(* Let $(\Sigma(t),\beta(t))$ be a solution of Hamilton's equations $\frac{d}{dt}(\Sigma,\beta_\Sigma)=X_h(\Sigma,\beta_\Sigma)$ starting at a point of $\mathcal{R}_{1,0}$, and let $\Gamma(t)$ be the closed plane curve whose rotation about the vertical axis gives $\Sigma(t)$. Let $f(t,\rho)=(\xi(t,\rho),\eta(t,\rho))$ be the parametrization of $\Gamma(t)$ moving normally, $f_t=k_g\,n_\Gamma\circ f$ with $n_\Gamma$ the unit normal of $\Gamma$. Then $$\xi_t=\frac{\xi_\rho\eta_\rho}{\xi(\xi_\rho^2+\eta_\rho^2)},\qquad \eta_t=-\frac{\xi_\rho^2}{\xi(\xi_\rho^2+\eta_\rho^2)},$$ and the vorticity density $\beta(t)=\zeta_\rho d\rho$ evolves by $$\zeta_t=-\frac{\eta_\rho\zeta_\rho}{\xi(\xi_\rho^2+\eta_\rho^2)}.$$
   Context: Setting: $\mu$ Euclidean volume form on $\mathbb{R}^3$, $d\nu=\mu$, $a>0$; $S$ compact oriented surface with closed nowhere-vanishing 1-form $\beta$ with period group $\ell\mathbb{Z}$; $\mathrm{Gr}_a^{S,\beta}$ the set of pairs $(\Sigma,\beta_\Sigma)$ ($\Sigma\subset\mathbb{R}^3$ oriented embedded surface, $\int_\Sigma\nu=a$, orientation-preserving $\Psi:S\to\Sigma$ with $\Psi^*\beta_\Sigma=\beta$). Vortex lines are fibers of $b_\Sigma:\Sigma\to\mathbb{R}/\ell\mathbb{Z}$ with $\beta_\Sigma=b_\Sigma^*\vartheta_\ell$. Darboux frame $\{T,n_g,n\}$ of vortex lines: $n$ unit normal of $\Sigma$ compatible with orientations, $T$ unit tangent, $n_g=n\times T$, oriented so $\beta_\Sigma(n_g)>0$; $kN=k_gn_g+k_nn$ is the curvature vector of a vortex line. Tangent vectors at $(\Sigma,\beta_\Sigma)$ are pairs (normal velocity $\rho\in C^\infty(\Sigma)$ with $\int\rho\,\mu_\Sigma=0$, $\mu_\Sigma=i_n\mu$; exact variation $d\lambda$ of $\beta_\Sigma$), and the Hamiltonian vector field of $h=\int_{\mathbb{T}_\ell}\mathrm{length}(C_z)\vartheta_\ell$ is $X_h=(k_g,-d(k_n\beta_\Sigma(n_g)))$. $\mathcal{R}_{1,0}$ consists of the $(\Sigma,\beta_\Sigma)$ where $\Sigma$ is the surface of revolution $(\xi(\rho)\cos\theta,\xi(\rho)\sin\theta,\eta(\rho))$, $\xi>0$, $\rho,\theta\in\mathbb{R}/2\pi\mathbb{Z}$, obtained by rotating the closed plane curve $\Gamma=(\xi,\eta)$ about the vertical axis, oriented so that $n=(\xi_\rho^2+\eta_\rho^2)^{-1/2}(-\eta_\rho\cos\theta,-\eta_\rho\sin\theta,\xi_\rho)$, and $\beta_\Sigma=\zeta_\rho d\rho$ with $\zeta_\rho>0$ and $\zeta(\rho+2\pi)=\zeta(\rho)+\ell$ (vortex lines are the parallel circles). Then $k_g=-\xi_\rho/(\xi\sqrt{\xi_\rho^2+\eta_\rho^2})$, $k_n=\eta_\rho/(\xi\sqrt{\xi_\rho^2+\eta_\rho^2})$. *)

From Stdlib Require Import Reals ZArith.
From Coquelicot Require Import Coquelicot.
Open Scope R_scope.

Definition dt (F : R -> R -> R) (t r : R) : R := Derive (fun s => F s r) t.
Definition drho (F : R -> R -> R) (t r : R) : R := Derive (fun s => F t s) r.

Fixpoint Ck (k : nat) (F : R -> R -> R) : Prop :=
  match k with
  | O => forall p : R * R, continuous (fun q : R * R => F (fst q) (snd q)) p
  | S k' =>
      (forall t r, ex_derive (fun s => F s r) t /\ ex_derive (fun s => F t s) r)
      /\ Ck k' F /\ Ck k' (dt F) /\ Ck k' (drho F)
  end.

Definition smooth2 (F : R -> R -> R) : Prop := forall k, Ck k F.

Definition speed (xi eta : R -> R -> R) (t r : R) : R :=
  sqrt (drho xi t r ^ 2 + drho eta t r ^ 2).

(** Unit normal n_Gamma of Gamma, compatible with the normal
    n = |f_rho|^{-1} (-eta_rho cos th, -eta_rho sin th, xi_rho) of Sigma. *)
Definition nGamma (xi eta : R -> R -> R) (t r : R) : R * R :=
  (- drho eta t r / speed xi eta t r, drho xi t r / speed xi eta t r).

(** Geodesic and normal curvature of the vortex lines (parallel circles). *)
Definition kg (xi eta : R -> R -> R) (t r : R) : R :=
  - drho xi t r / (xi t r * speed xi eta t r).
Definition kn (xi eta : R -> R -> R) (t r : R) : R :=
  drho eta t r / (xi t r * speed xi eta t r).

(** beta_Sigma(n_g) for beta_Sigma = zeta_rho d rho: n_g is the unit vector
    d_rho F / |d_rho F| (tangent to meridians, orthogonal to the parallels,
    oriented so that beta(n_g) > 0), and |d_rho F| = |f_rho|. *)
Definition beta_ng (xi eta zeta : R -> R -> R) (t r : R) : R :=
  drho zeta t r / speed xi eta t r.

(** Since [k_g n_Gamma = (xi_rho eta_rho, - xi_rho^2) / (xi |f_rho|^2)], the
    velocity formulas are pure algebra.  For the vorticity, commuting the
    partial derivatives turns the second Hamilton equation into
    [d_rho (zeta_t + k_n beta(n_g)) = 0], and
    [k_n beta(n_g) = eta_rho zeta_rho / (xi |f_rho|^2)].  Hence
    [zeta_t + k_n beta(n_g)] depends on [t] only; as [beta] only determines
    [zeta] up to a function of [t], subtracting a primitive of that function
    normalizes [zeta] so that the stated evolution law holds exactly. *)

From Stdlib Require Import Reals ZArith Lra.
From Coquelicot Require Import Coquelicot.
Open Scope R_scope.

Lemma div_mul_sqrt_div (x S c d : R) : x <> 0 -> 0 < S ->
  c / (x * sqrt S) * (d / sqrt S) = c * d / (x * S).
Proof.
  intros Hx HS.
  assert (Hsq : sqrt S * sqrt S = S) by (apply sqrt_sqrt; lra).
  assert (Hpos : 0 < sqrt S) by (apply sqrt_lt_R0; exact HS).
  replace (x * S) with (x * (sqrt S * sqrt S)) by (rewrite Hsq; reflexivity).
  field; lra.
Qed.

Definition vorticity_flux (xi eta zeta : R -> R -> R) (t r : R) : R :=
  drho eta t r * drho zeta t r / (xi t r * (drho xi t r ^ 2 + drho eta t r ^ 2)).

Section Curvatures.

Variables (xi eta zeta : R -> R -> R) (t r : R).
Hypothesis xi_pos : 0 < xi t r.
Hypothesis regular : 0 < drho xi t r ^ 2 + drho eta t r ^ 2.

Lemma kg_nGamma_fst : kg xi eta t r * fst (nGamma xi eta t r) =
  drho xi t r * drho eta t r / (xi t r * (drho xi t r ^ 2 + drho eta t r ^ 2)).
Proof.
  unfold kg, nGamma, speed; cbn [fst].
  rewrite div_mul_sqrt_div by lra.
  unfold Rdiv; ring.
Qed.

Lemma kg_nGamma_snd : kg xi eta t r * snd (nGamma xi eta t r) =
  - (drho xi t r ^ 2) / (xi t r * (drho xi t r ^ 2 + drho eta t r ^ 2)).
Proof.
  unfold kg, nGamma, speed; cbn [snd].
  rewrite div_mul_sqrt_div by lra.
  unfold Rdiv; ring.
Qed.

Lemma kn_beta_ng_eq : kn xi eta t r * beta_ng xi eta zeta t r =
  vorticity_flux xi eta zeta t r.
Proof. unfold kn, beta_ng, speed; apply div_mul_sqrt_div; lra. Qed.

End Curvatures.

Lemma smooth2_dt (F : R -> R -> R) : smooth2 F -> smooth2 (dt F).
Proof. intros HF k; destruct (HF (S k)) as (_ & _ & H & _); exact H. Qed.

Lemma smooth2_drho (F : R -> R -> R) : smooth2 F -> smooth2 (drho F).
Proof. intros HF k; destruct (HF (S k)) as (_ & _ & _ & H); exact H. Qed.

Lemma smooth2_ex_derive_t (F : R -> R -> R) (t r : R) :
  smooth2 F -> ex_derive (fun s => F s r) t.
Proof. intros HF; destruct (HF 1%nat) as [H _]; exact (proj1 (H t r)). Qed.

Lemma smooth2_ex_derive_rho (F : R -> R -> R) (t r : R) :
  smooth2 F -> ex_derive (fun s => F t s) r.
Proof. intros HF; destruct (HF 1%nat) as [H _]; exact (proj2 (H t r)). Qed.

Lemma smooth2_continuity_2d_pt (F : R -> R -> R) (t r : R) :
  smooth2 F -> continuity_2d_pt F t r.
Proof. intros HF; apply continuity_2d_pt_filterlim, (HF 0%nat (t, r)). Qed.

Lemma smooth2_dt_drho (F : R -> R -> R) (t r : R) :
  smooth2 F -> dt (drho F) t r = drho (dt F) t r.
Proof.
  intros HF; apply Schwarz.
  - apply locally_2d_forall; intros u v.
    repeat split.
    + exact (smooth2_ex_derive_t F u v HF).
    + exact (smooth2_ex_derive_rho F u v HF).
    + exact (smooth2_ex_derive_t (drho F) u v (smooth2_drho F HF)).
    + exact (smooth2_ex_derive_rho (dt F) u v (smooth2_dt F HF)).
  - exact (smooth2_continuity_2d_pt _ t r (smooth2_dt _ (smooth2_drho F HF))).
  - exact (smooth2_continuity_2d_pt _ t r (smooth2_drho _ (smooth2_dt F HF))).
Qed.

Lemma ex_derive_mul_div_sqr_add (a b c e : R -> R) (x : R) :
  ex_derive a x -> ex_derive b x -> ex_derive c x -> ex_derive e x ->
  c x <> 0 -> 0 < a x ^ 2 + b x ^ 2 ->
  ex_derive (fun q => b q * e q / (c q * (a q ^ 2 + b q ^ 2))) x.
Proof.
  intros Ha Hb Hc He Hcx HS.
  apply (ex_derive_div (fun q => b q * e q) (fun q => c q * (a q ^ 2 + b q ^ 2))).
  - now apply ex_derive_mult.
  - apply ex_derive_mult; [exact Hc |].
    apply (ex_derive_plus (fun q => a q ^ 2) (fun q => b q ^ 2));
      now apply ex_derive_pow.
  - apply Rmult_integral_contrapositive; split; lra.
Qed.

Lemma is_derive_0_const (f : R -> R) (a b : R) :
  (forall x, is_derive f x 0) -> f a = f b.
Proof.
  intros Hf; destruct (Rtotal_order a b) as [Hab | [-> | Hab]].
  - now apply eq_is_derive.
  - reflexivity.
  - symmetry; now apply eq_is_derive.
Qed.

Lemma is_derive_RInt_0 (g : R -> R) (t : R) :
  (forall s, continuous g s) -> is_derive (RInt g 0) t (g t).
Proof.
  intros Hg; apply (is_derive_RInt g (RInt g 0) 0 t); [| apply Hg].
  apply filter_forall; intros b.
  apply (@RInt_correct R_CompleteNormedModule),
        (@ex_RInt_continuous R_CompleteNormedModule).
  intros; apply Hg.
Qed.

Lemma normalize_dt (zeta h : R -> R -> R) :
  (forall t r, ex_derive (fun s => zeta s r) t /\ ex_derive (fun s => zeta t s) r) ->
  (forall t, continuous (fun s => h s 0) t) ->
  (forall t r, dt zeta t r + h t r = dt zeta t 0 + h t 0) ->
  exists zeta' : R -> R -> R, forall t r,
    ex_derive (fun s => zeta' s r) t /\ ex_derive (fun s => zeta' t s) r /\
    drho zeta' t r = drho zeta t r /\ dt zeta' t r = - h t r.
Proof.
  intros Hzeta Hh Hconst.
  set (g := fun s => - h s 0).
  assert (Hg : forall s, continuous g s).
  { intros s; apply (continuous_opp (fun s => h s 0)), Hh. }
  exists (fun s q => zeta s q - zeta s 0 + RInt g 0 s); intros t r.
  assert (DT : is_derive (fun s => zeta s r - zeta s 0 + RInt g 0 s) t
                 (dt zeta t r - dt zeta t 0 + g t)).
  { apply (is_derive_plus (fun s => zeta s r - zeta s 0) (RInt g 0)).
    - apply (is_derive_minus (fun s => zeta s r) (fun s => zeta s 0));
        apply Derive_correct; [exact (proj1 (Hzeta t r)) | exact (proj1 (Hzeta t 0))].
    - now apply is_derive_RInt_0. }
  assert (DR : is_derive (fun q => zeta t q - zeta t 0 + RInt g 0 t) r
                 (drho zeta t r)).
  { replace (drho zeta t r) with (drho zeta t r - 0 + 0) by ring.
    apply (is_derive_plus (fun q => zeta t q - zeta t 0) (fun _ => RInt g 0 t)).
    - apply (is_derive_minus (fun q => zeta t q) (fun _ => zeta t 0)).
      + apply Derive_correct; exact (proj2 (Hzeta t r)).
      + apply (@is_derive_const R_AbsRing R_NormedModule).
    - apply (@is_derive_const R_AbsRing R_NormedModule). }
  repeat split.
  - eexists; exact DT.
  - eexists; exact DR.
  - now apply is_derive_unique.
  - unfold dt at 1; cbv beta.
    replace (Derive (fun s => zeta s r - zeta s 0 + RInt g 0 s) t)
      with (dt zeta t r - dt zeta t 0 + g t) by (symmetry; now apply is_derive_unique).
    unfold g; specialize (Hconst t r); lra.
Qed.

Section VorticityFlux.

Variables xi eta zeta : R -> R -> R.
Hypotheses (xi_smooth : smooth2 xi) (eta_smooth : smooth2 eta)
           (zeta_smooth : smooth2 zeta).
Hypothesis xi_pos : forall t r, 0 < xi t r.
Hypothesis regular : forall t r, 0 < drho xi t r ^ 2 + drho eta t r ^ 2.

Lemma vorticity_flux_ex_derive_t (t r : R) :
  ex_derive (fun s => vorticity_flux xi eta zeta s r) t.
Proof.
  apply (ex_derive_mul_div_sqr_add (fun s => drho xi s r) (fun s => drho eta s r)
           (fun s => xi s r) (fun s => drho zeta s r)).
  - exact (smooth2_ex_derive_t _ t r (smooth2_drho xi xi_smooth)).
  - exact (smooth2_ex_derive_t _ t r (smooth2_drho eta eta_smooth)).
  - exact (smooth2_ex_derive_t xi t r xi_smooth).
  - exact (smooth2_ex_derive_t _ t r (smooth2_drho zeta zeta_smooth)).
  - apply Rgt_not_eq, xi_pos.
  - apply regular.
Qed.

Lemma vorticity_flux_ex_derive_rho (t r : R) :
  ex_derive (fun q => vorticity_flux xi eta zeta t q) r.
Proof.
  apply (ex_derive_mul_div_sqr_add (fun q => drho xi t q) (fun q => drho eta t q)
           (fun q => xi t q) (fun q => drho zeta t q)).
  - exact (smooth2_ex_derive_rho _ t r (smooth2_drho xi xi_smooth)).
  - exact (smooth2_ex_derive_rho _ t r (smooth2_drho eta eta_smooth)).
  - exact (smooth2_ex_derive_rho xi t r xi_smooth).
  - exact (smooth2_ex_derive_rho _ t r (smooth2_drho zeta zeta_smooth)).
  - apply Rgt_not_eq, xi_pos.
  - apply regular.
Qed.

Hypothesis hamilton_beta : forall t r, dt (drho zeta) t r =
  - drho (fun s q => kn xi eta s q * beta_ng xi eta zeta s q) t r.

Lemma dt_zeta_add_vorticity_flux_const (t r : R) :
  dt zeta t r + vorticity_flux xi eta zeta t r =
  dt zeta t 0 + vorticity_flux xi eta zeta t 0.
Proof.
  apply (is_derive_0_const (fun q => dt zeta t q + vorticity_flux xi eta zeta t q)).
  intros x.
  replace 0 with (drho (dt zeta) t x + drho (vorticity_flux xi eta zeta) t x).
  - apply (is_derive_plus (fun q => dt zeta t q)
             (fun q => vorticity_flux xi eta zeta t q)); apply Derive_correct.
    + exact (smooth2_ex_derive_rho _ t x (smooth2_dt zeta zeta_smooth)).
    + apply vorticity_flux_ex_derive_rho.
  - rewrite <- smooth2_dt_drho, hamilton_beta by exact zeta_smooth.
    unfold drho.
    rewrite (Derive_ext (fun q => vorticity_flux xi eta zeta t q)
               (fun q => kn xi eta t q * beta_ng xi eta zeta t q)); [ring |].
    intros q; symmetry; apply kn_beta_ng_eq; auto.
Qed.

End VorticityFlux.

Theorem theorem3p10 (l : R) (xi eta zeta : R -> R -> R) :
  0 < l ->
  smooth2 xi -> smooth2 eta -> smooth2 zeta ->
  (* Sigma(t) is the surface of revolution of the closed embedded regular
     plane curve Gamma(t) = (xi(t,.), eta(t,.)), xi > 0 *)
  (forall t r, 0 < xi t r) ->
  (forall t r, xi t (r + 2 * PI) = xi t r /\ eta t (r + 2 * PI) = eta t r) ->
  (forall t r1 r2, xi t r1 = xi t r2 -> eta t r1 = eta t r2 ->
      exists k : Z, r2 = r1 + 2 * PI * IZR k) ->
  (forall t r, 0 < drho xi t r ^ 2 + drho eta t r ^ 2) ->
  (* beta(t) = zeta_rho d rho, vortex lines are the parallels, period l *)
  (forall t r, 0 < drho zeta t r) ->
  (forall t r, zeta t (r + 2 * PI) = zeta t r + l) ->
  (* Hamilton's equations, first component: f moves normally with normal
     velocity k_g, i.e. f_t = k_g n_Gamma o f *)
  (forall t r, dt xi t r = kg xi eta t r * fst (nGamma xi eta t r) /\
               dt eta t r = kg xi eta t r * snd (nGamma xi eta t r)) ->
  (* Hamilton's equations, second component: d/dt beta = - d(k_n beta(n_g)),
     beta pulled back along the normal parametrization *)
  (forall t r, dt (drho zeta) t r =
               - drho (fun s q => kn xi eta s q * beta_ng xi eta zeta s q) t r) ->
  (forall t r,
      dt xi t r = drho xi t r * drho eta t r /
                  (xi t r * (drho xi t r ^ 2 + drho eta t r ^ 2)) /\
      dt eta t r = - (drho xi t r ^ 2) /
                  (xi t r * (drho xi t r ^ 2 + drho eta t r ^ 2)))
  /\
  (* zeta is determined by beta only up to a function of t; with a suitable
     normalization it evolves by the stated law *)
  (exists zeta' : R -> R -> R,
      forall t r,
        ex_derive (fun s => zeta' s r) t /\ ex_derive (fun s => zeta' t s) r /\
        drho zeta' t r = drho zeta t r /\
        dt zeta' t r = - (drho eta t r * drho zeta t r) /
                       (xi t r * (drho xi t r ^ 2 + drho eta t r ^ 2))).
Proof.
  intros _ Sxi Seta Szeta Hxi _ _ Hreg _ _ Hmove Hbeta.
  split.
  - intros t r; destruct (Hmove t r) as [-> ->].
    split; [apply kg_nGamma_fst | apply kg_nGamma_snd]; auto.
  - destruct (normalize_dt zeta (vorticity_flux xi eta zeta)) as [zeta' Hzeta'].
    + intros t r; split;
        [exact (smooth2_ex_derive_t zeta t r Szeta)
        | exact (smooth2_ex_derive_rho zeta t r Szeta)].
    + intros t; apply (@ex_derive_continuous R_AbsRing R_NormedModule).
      now apply vorticity_flux_ex_derive_t.
    + intros t r; apply dt_zeta_add_vorticity_flux_const; auto.
    + exists zeta'; intros t r.
      destruct (Hzeta' t r) as (? & ? & ? & ->).
      repeat split; auto.
      unfold vorticity_flux, Rdiv; ring.
Qed.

■ ■ ■ ■

• DIRECTIONS:
Of the lines above, retype only those from the line containing "Variables (xi eta" through the line containing "vorticity_flux xi eta zeta t r.", including both, exactly.

• EXERCISE SOLUTION:
Variables (xi eta zeta : R -> R -> R) (t r : R).
Hypothesis xi_pos : 0 < xi t r.
Hypothesis regular : 0 < drho xi t r ^ 2 + drho eta t r ^ 2.

Lemma kg_nGamma_fst : kg xi eta t r * fst (nGamma xi eta t r) =
  drho xi t r * drho eta t r / (xi t r * (drho xi t r ^ 2 + drho eta t r ^ 2)).
Proof.
  unfold kg, nGamma, speed; cbn [fst].
  rewrite div_mul_sqrt_div by lra.
  unfold Rdiv; ring.
Qed.

Lemma kg_nGamma_snd : kg xi eta t r * snd (nGamma xi eta t r) =
  - (drho xi t r ^ 2) / (xi t r * (drho xi t r ^ 2 + drho eta t r ^ 2)).
Proof.
  unfold kg, nGamma, speed; cbn [snd].
  rewrite div_mul_sqrt_div by lra.
  unfold Rdiv; ring.
Qed.

Lemma kn_beta_ng_eq : kn xi eta t r * beta_ng xi eta zeta t r =
  vorticity_flux xi eta zeta t r.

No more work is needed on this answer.